Exercise directions
The required output is the line containing "derivatives shows that" followed by every later line through the end of the data, all reproduced exactly.

[Collection entries]
********
(* For every integer $r\ge1$ and every $x\in D$ (for $r=1$, every $x\in\mathbb C$ with $\mathcal S_1(x)\neq0$), $$\mathcal C_r(x)^{2^{r-1}}=\frac{\mathcal S_r(2x)}{\mathcal S_r(x)^{2^{r-1}}}.$$
   Context: For an integer $r\ge2$ let $P_r(y)=(1-y)\exp\left(y+\frac{y^2}{2}+\cdots+\frac{y^r}{r}\right)$. The multiple cosine function of Kurokawa–Koyama of order $r\ge2$ is $\mathcal C_r(x)=\prod_{n\ge1,\ n\text{ odd}}\left\{P_r\left(\frac{x}{n/2}\right)P_r\left(-\frac{x}{n/2}\right)^{(-1)^{r-1}}\right\}^{(n/2)^{r-1}}$, interpreted as $\mathcal C_r(x)=\exp\Big(\sum_{n\ge1,\,n\text{ odd}}(n/2)^{r-1}\big[\operatorname{Log}P_r(2x/n)+(-1)^{r-1}\operatorname{Log}P_r(-2x/n)\big]\Big)$, where $\operatorname{Log}P_r(y):=\operatorname{Log}(1-y)+y+\frac{y^2}{2}+\cdots+\frac{y^r}{r}$ with $\operatorname{Log}$ the principal branch, for $x\in D=\mathbb C\setminus\big((-\infty,-\tfrac12]\cup[\tfrac12,\infty)\big)$; $\mathcal C_1(x)=2\cos(\pi x)$. Kurokawa's multiple sine function is $\mathcal S_1(x)=2\sin(\pi x)$ and, for $r\ge2$, the meromorphic function $\mathcal S_r(x)=\exp\left(\frac{x^{r-1}}{r-1}\right)\prod_{n=1}^\infty\left\{P_r\left(\frac xn\right)P_r\left(-\frac xn\right)^{(-1)^{r-1}}\right\}^{n^{r-1}}$. *)

From Stdlib Require Import Reals ClassicalEpsilon.
From Coquelicot Require Import Coquelicot.
Open Scope R_scope.

Notation CC := Complex.C.

(* Limit of a complex sequence (classical choice; 0 if no limit exists). *)
Definition climC (u : nat -> CC) : CC :=
  epsilon (inhabits (RtoC 0)) (fun l => filterlim u eventually (locally l)).

(* Complex exponential, principal argument in (-pi, pi], principal Log. *)
Definition Cexp (z : CC) : CC :=
  (exp (fst z) * cos (snd z), exp (fst z) * sin (snd z)).
Definition Carg (z : CC) : R :=
  if Rle_dec 0 (snd z) then acos (fst z / Cmod z) else - acos (fst z / Cmod z).
Definition CLog (z : CC) : CC := (ln (Cmod z), Carg z).

Definition Ccos (z : CC) : CC :=
  Cdiv (Cplus (Cexp (Cmult Ci z)) (Cexp (Copp (Cmult Ci z)))) (RtoC 2).
Definition Csin (z : CC) : CC :=
  Cdiv (Cminus (Cexp (Cmult Ci z)) (Cexp (Copp (Cmult Ci z)))) (Cmult (RtoC 2) Ci).

Fixpoint Csum1 (f : nat -> CC) (n : nat) : CC :=
  match n with O => RtoC 0 | S m => Cplus (Csum1 f m) (f (S m)) end.
Fixpoint Cprod1 (f : nat -> CC) (n : nat) : CC :=
  match n with O => RtoC 1 | S m => Cmult (Cprod1 f m) (f (S m)) end.

Definition Tr (r : nat) (y : CC) : CC :=
  Csum1 (fun k => Cdiv (Cpow y k) (RtoC (INR k))) r.

Definition Pr (r : nat) (y : CC) : CC :=
  Cmult (Cminus (RtoC 1) y) (Cexp (Tr r y)).
Definition LogPr (r : nat) (y : CC) : CC :=
  Cplus (CLog (Cminus (RtoC 1) y)) (Tr r y).

Definition inD (x : CC) : Prop := ~ (snd x = 0 /\ 1/2 <= Rabs (fst x)).

(* (-1)^(r-1) as a complex number *)
Definition sgn_r (r : nat) : CC := if Nat.odd r then RtoC 1 else RtoC (-1).

(* n-th factor of the Kurokawa product:
   {P_r(x/n) P_r(-x/n)^((-1)^(r-1))}^(n^(r-1)) *)
Definition Sfactor (r : nat) (x : CC) (n : nat) : CC :=
  Cpow (Cmult (Pr r (Cdiv x (RtoC (INR n))))
              (if Nat.odd r then Pr r (Cdiv (Copp x) (RtoC (INR n)))
               else Cinv (Pr r (Cdiv (Copp x) (RtoC (INR n))))))
       (Nat.pow n (r - 1)).

Definition mSin (r : nat) (x : CC) : CC :=
  match r with
  | O => RtoC 0 (* unused *)
  | 1%nat => Cmult (RtoC 2) (Csin (Cmult (RtoC PI) x))
  | _ => Cmult (Cexp (Cdiv (Cpow x (r - 1)) (RtoC (INR (r - 1)))))
               (climC (fun N => Cprod1 (Sfactor r x) N))
  end.

(* m-th term (n = 2m+1 odd) of the series defining Log C_r(x) *)
Definition Cterm (r : nat) (x : CC) (m : nat) : CC :=
  let n := INR (2 * m + 1) in
  Cmult (RtoC ((n / 2) ^ (r - 1)))
        (Cplus (LogPr r (Cdiv (Cmult (RtoC 2) x) (RtoC n)))
               (Cmult (sgn_r r) (LogPr r (Cdiv (Copp (Cmult (RtoC 2) x)) (RtoC n))))).

Definition mCos (r : nat) (x : CC) : CC :=
  match r with
  | O => RtoC 0 (* unused *)
  | 1%nat => Cmult (RtoC 2) (Ccos (Cmult (RtoC PI) x))
  | _ => Cexp (climC (fun N => Csum1 (fun k => Cterm r x (k - 1)) N))
  end.

(* For r = 1 this is the double-angle formula sin(2 pi x) = 2 sin(pi x) cos(pi x),
   an identity between complex exponentials.

   For r >= 2 let  a_n(x) = n^(r-1) (Log P_r(x/n) + (-1)^(r-1) Log P_r(-x/n)),
   the logarithm of the n-th factor of the product defining S_r.  The estimate
   |Log P_r(y)| <= 4 |y|^(r+1) for |y| <= 1/2, obtained from the mean value
   theorem along the segment t |-> t y, gives a_n(x) = O(n^-2); hence the series
   A(x) = sum_n a_n(x) converges and S_r(x) = exp(x^(r-1)/(r-1) + A(x)) on D.
   Splitting A(2x) into even and odd indices, a_(2m)(2x) = 2^(r-1) a_m(x) and
   a_(2m+1)(2x) = 2^(r-1) c_m(x), where c_m(x) is the m-th term of the series
   for Log C_r(x).  Thus Log C_r(x) = 2^(1-r) A(2x) - A(x), and exponentiating
   gives the corollary. *)

From Stdlib Require Import Reals Lra Lia ClassicalEpsilon.
From Coquelicot Require Import Coquelicot.

(** * The complex exponential and the principal logarithm *)

Lemma Cexp_add (a b : C) : Cexp (a + b)%C = (Cexp a * Cexp b)%C.
Proof.
  destruct a as [a1 a2], b as [b1 b2]; unfold Cexp, Cmult; simpl.
  rewrite exp_plus, cos_plus, sin_plus. f_equal; ring.
Qed.

Lemma Cexp_0 : Cexp (RtoC 0) = RtoC 1.
Proof.
  unfold Cexp; simpl. rewrite exp_0, cos_0, sin_0.
  apply injective_projections; simpl; ring.
Qed.

(* exp(a + ib) = 0 would force cos b = sin b = 0. *)
Lemma Cexp_neq0 (z : C) : Cexp z <> RtoC 0.
Proof.
  destruct z as [a b]; unfold Cexp; simpl; intro E.
  injection E as Ecos Esin.
  assert (Ha := exp_pos a).
  assert (cos b = 0) by (apply Rmult_eq_reg_l with (exp a); lra).
  assert (sin b = 0) by (apply Rmult_eq_reg_l with (exp a); lra).
  assert (Hs := sin2_cos2 b). unfold Rsqr in Hs. nra.
Qed.

Lemma Cinv_Cexp (z : C) : Cinv (Cexp z) = Cexp (- z)%C.
Proof.
  assert (Hinv : (Cexp (- z) * Cexp z = 1)%C).
  { rewrite <- Cexp_add. replace (- z + z)%C with (RtoC 0) by ring. apply Cexp_0. }
  assert (Hz := Cexp_neq0 z).
  transitivity ((Cexp (- z) * Cexp z) * / Cexp z)%C.
  - rewrite Hinv. ring.
  - field. exact Hz.
Qed.

Lemma Cpow_Cexp (n : nat) (z : C) : Cpow (Cexp z) n = Cexp (RtoC (INR n) * z)%C.
Proof.
  induction n as [|n IH]; simpl Cpow.
  - simpl INR. replace (RtoC 0 * z)%C with (RtoC 0) by ring. now rewrite Cexp_0.
  - rewrite IH, <- Cexp_add. f_equal. rewrite S_INR, RtoC_plus. ring.
Qed.
(* Let $L>0$ and let $f:\mathbb{R}\times\mathbb{R}\to\mathbb{R}$ be continuous, $L$-periodic in the first argument, and continuously differentiable in the second argument. Let $\phi:[x_0,+\infty)\to\mathbb{R}$ be a bounded solution of $\phi_{xx}=f(x,\phi)$, and assume $$\min_{x\in[0,L],\ y\in[\inf_{x\ge x_0}\phi(x),\,\sup_{x\ge x_0}\phi(x)]}\frac{\partial f(x,y)}{\partial y}>0 .$$ Then there exists an $L$-periodic solution $\varphi$ of $\varphi_{xx}=f(x,\varphi)$ such that $$\lim_{x\to+\infty}\big(|\phi(x)-\varphi(x)|+|\phi_x(x)-\varphi_x(x)|\big)=0 .$$ *)

From Stdlib Require Import Reals.
From Coquelicot Require Import Coquelicot.
Open Scope R_scope.

Definition range_from (phi : R -> R) (x0 : R) : R -> Prop :=
  fun y => exists x, x0 <= x /\ y = phi x.

From Stdlib Require Import Reals Lra.
From Coquelicot Require Import Coquelicot.
Open Scope R_scope.

(* The increment w x = phi (x + L) - phi x satisfies
   w'' = f x (phi (x + L)) - f x (phi x), and since df >= m > 0 on the range of phi,
   w w'' >= m w^2.  So z = w^2 is bounded, nonnegative and z'' >= 2 m z; boundedness
   forces z' <= 0, then z' + k z <= 0, hence z decays exponentially.  An interpolation
   inequality (|w'| <= 2 sup|w| / d + d sup|w''|) and the Lipschitz bound |w''| <= Kd |w|
   give the same decay for w' and w''.  Therefore phi (x + n L), phi' (x + n L) and
   f (x + n L) (phi (x + n L)) converge geometrically, locally uniformly in x, to an
   L-periodic vphi, to vphi', and to f x (vphi x); passing to the limit in the
   derivatives shows that vphi solves the equation, and the n = 0 error bound gives the
   asymptotics. *)

Lemma is_derive_continuity_pt (g : R -> R) x l :
  is_derive g x l -> continuity_pt g x.
Proof.
  intro H. apply continuity_pt_filterlim. apply (ex_derive_continuous g x). now exists l.
Qed.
********
Result below
   derivatives shows that vphi solves the equation, and the n = 0 error bound gives the
   asymptotics. *)

Lemma is_derive_continuity_pt (g : R -> R) x l :
  is_derive g x l -> continuity_pt g x.
Proof.
  intro H. apply continuity_pt_filterlim. apply (ex_derive_continuous g x). now exists l.
Qed.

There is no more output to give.